Segment Start: Supplied records

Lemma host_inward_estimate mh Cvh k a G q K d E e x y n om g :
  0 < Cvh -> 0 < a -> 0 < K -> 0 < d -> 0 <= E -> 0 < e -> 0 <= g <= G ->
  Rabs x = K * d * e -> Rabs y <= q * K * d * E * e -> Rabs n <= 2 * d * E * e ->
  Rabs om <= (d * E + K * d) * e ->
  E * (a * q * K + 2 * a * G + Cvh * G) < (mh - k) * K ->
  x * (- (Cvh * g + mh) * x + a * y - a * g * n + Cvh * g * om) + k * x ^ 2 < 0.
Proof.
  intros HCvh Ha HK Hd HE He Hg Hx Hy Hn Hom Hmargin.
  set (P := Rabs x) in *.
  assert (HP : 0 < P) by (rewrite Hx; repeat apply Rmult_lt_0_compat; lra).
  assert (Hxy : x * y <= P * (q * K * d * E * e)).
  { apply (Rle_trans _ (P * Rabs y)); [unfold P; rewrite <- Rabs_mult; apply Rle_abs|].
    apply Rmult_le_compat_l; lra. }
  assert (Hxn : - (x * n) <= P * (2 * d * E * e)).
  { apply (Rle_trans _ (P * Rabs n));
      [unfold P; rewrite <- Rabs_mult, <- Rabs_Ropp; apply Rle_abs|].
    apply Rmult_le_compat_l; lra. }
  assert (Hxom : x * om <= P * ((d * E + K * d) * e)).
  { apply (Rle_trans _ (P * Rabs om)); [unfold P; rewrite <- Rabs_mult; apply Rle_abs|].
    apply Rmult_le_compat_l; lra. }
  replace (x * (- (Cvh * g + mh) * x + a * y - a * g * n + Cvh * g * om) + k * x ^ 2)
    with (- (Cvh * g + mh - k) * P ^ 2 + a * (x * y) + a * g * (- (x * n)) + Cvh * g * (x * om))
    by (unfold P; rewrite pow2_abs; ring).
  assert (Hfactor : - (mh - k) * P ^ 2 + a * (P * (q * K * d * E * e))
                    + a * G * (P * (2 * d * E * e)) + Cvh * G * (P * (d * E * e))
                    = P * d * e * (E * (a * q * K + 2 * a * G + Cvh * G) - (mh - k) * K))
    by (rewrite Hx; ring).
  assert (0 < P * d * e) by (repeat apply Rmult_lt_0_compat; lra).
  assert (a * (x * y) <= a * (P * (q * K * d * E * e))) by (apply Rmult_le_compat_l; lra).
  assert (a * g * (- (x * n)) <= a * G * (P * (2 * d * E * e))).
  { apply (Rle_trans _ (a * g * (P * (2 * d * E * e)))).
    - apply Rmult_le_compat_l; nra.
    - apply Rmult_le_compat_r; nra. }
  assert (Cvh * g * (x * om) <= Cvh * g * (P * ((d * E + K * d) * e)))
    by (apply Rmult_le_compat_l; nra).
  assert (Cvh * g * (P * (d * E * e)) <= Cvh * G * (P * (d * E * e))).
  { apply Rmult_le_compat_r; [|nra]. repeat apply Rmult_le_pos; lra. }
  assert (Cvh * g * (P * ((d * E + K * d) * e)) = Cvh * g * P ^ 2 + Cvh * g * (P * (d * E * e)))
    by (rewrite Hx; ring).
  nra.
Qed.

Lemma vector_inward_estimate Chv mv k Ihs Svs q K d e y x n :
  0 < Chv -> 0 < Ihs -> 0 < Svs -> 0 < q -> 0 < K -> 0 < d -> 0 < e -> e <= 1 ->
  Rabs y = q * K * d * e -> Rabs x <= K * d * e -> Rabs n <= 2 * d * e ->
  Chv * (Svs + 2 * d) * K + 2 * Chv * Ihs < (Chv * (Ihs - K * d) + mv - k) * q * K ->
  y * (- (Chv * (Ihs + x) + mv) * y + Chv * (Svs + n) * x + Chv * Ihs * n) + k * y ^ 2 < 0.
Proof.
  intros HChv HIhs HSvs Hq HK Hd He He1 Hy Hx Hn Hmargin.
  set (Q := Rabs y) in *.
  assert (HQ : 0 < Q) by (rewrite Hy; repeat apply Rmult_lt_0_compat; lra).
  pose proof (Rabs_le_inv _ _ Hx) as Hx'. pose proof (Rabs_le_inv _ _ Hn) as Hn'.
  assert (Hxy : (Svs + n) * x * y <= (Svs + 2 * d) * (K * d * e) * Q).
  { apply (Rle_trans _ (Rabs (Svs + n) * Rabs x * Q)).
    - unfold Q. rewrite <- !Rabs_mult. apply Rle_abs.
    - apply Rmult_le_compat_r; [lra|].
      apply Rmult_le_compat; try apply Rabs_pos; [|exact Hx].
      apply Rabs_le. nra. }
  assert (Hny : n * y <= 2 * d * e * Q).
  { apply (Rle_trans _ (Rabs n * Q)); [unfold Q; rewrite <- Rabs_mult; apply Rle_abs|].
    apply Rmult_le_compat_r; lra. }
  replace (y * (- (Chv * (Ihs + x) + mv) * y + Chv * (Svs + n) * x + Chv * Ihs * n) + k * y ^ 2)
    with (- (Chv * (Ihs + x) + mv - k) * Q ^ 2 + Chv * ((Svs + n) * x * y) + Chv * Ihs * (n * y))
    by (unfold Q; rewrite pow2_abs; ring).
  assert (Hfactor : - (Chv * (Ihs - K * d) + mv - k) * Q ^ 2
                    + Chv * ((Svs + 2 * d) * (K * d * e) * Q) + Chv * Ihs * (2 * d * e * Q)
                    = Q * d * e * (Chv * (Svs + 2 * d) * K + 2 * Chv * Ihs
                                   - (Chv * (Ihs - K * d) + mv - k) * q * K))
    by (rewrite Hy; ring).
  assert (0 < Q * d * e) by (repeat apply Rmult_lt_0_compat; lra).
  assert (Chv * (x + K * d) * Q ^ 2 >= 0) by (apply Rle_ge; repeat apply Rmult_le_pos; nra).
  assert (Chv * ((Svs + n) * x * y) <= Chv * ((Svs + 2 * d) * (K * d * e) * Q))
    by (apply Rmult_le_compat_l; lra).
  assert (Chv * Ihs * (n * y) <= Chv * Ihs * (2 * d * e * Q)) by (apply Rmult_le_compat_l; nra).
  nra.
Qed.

Segment End: Supplied records

■ What is being asked
Would you copy out exactly the lines above that start at the one containing "E * e)) + Cvh" and end at the one containing "0 < Chv -> 0", inclusive?

■ Response area
                    + a * G * (P * (2 * d * E * e)) + Cvh * G * (P * (d * E * e))
                    = P * d * e * (E * (a * q * K + 2 * a * G + Cvh * G) - (mh - k) * K))
    by (rewrite Hx; ring).
  assert (0 < P * d * e) by (repeat apply Rmult_lt_0_compat; lra).
  assert (a * (x * y) <= a * (P * (q * K * d * E * e))) by (apply Rmult_le_compat_l; lra).
  assert (a * g * (- (x * n)) <= a * G * (P * (2 * d * E * e))).
  { apply (Rle_trans _ (a * g * (P * (2 * d * E * e)))).
    - apply Rmult_le_compat_l; nra.
    - apply Rmult_le_compat_r; nra. }
  assert (Cvh * g * (x * om) <= Cvh * g * (P * ((d * E + K * d) * e)))
    by (apply Rmult_le_compat_l; nra).
  assert (Cvh * g * (P * (d * E * e)) <= Cvh * G * (P * (d * E * e))).
  { apply Rmult_le_compat_r; [|nra]. repeat apply Rmult_le_pos; lra. }
  assert (Cvh * g * (P * ((d * E + K * d) * e)) = Cvh * g * P ^ 2 + Cvh * g * (P * (d * E * e)))
    by (rewrite Hx; ring).
  nra.
Qed.

Lemma vector_inward_estimate Chv mv k Ihs Svs q K d e y x n :
  0 < Chv -> 0 < Ihs -> 0 < Svs -> 0 < q -> 0 < K -> 0 < d -> 0 < e -> e <= 1 ->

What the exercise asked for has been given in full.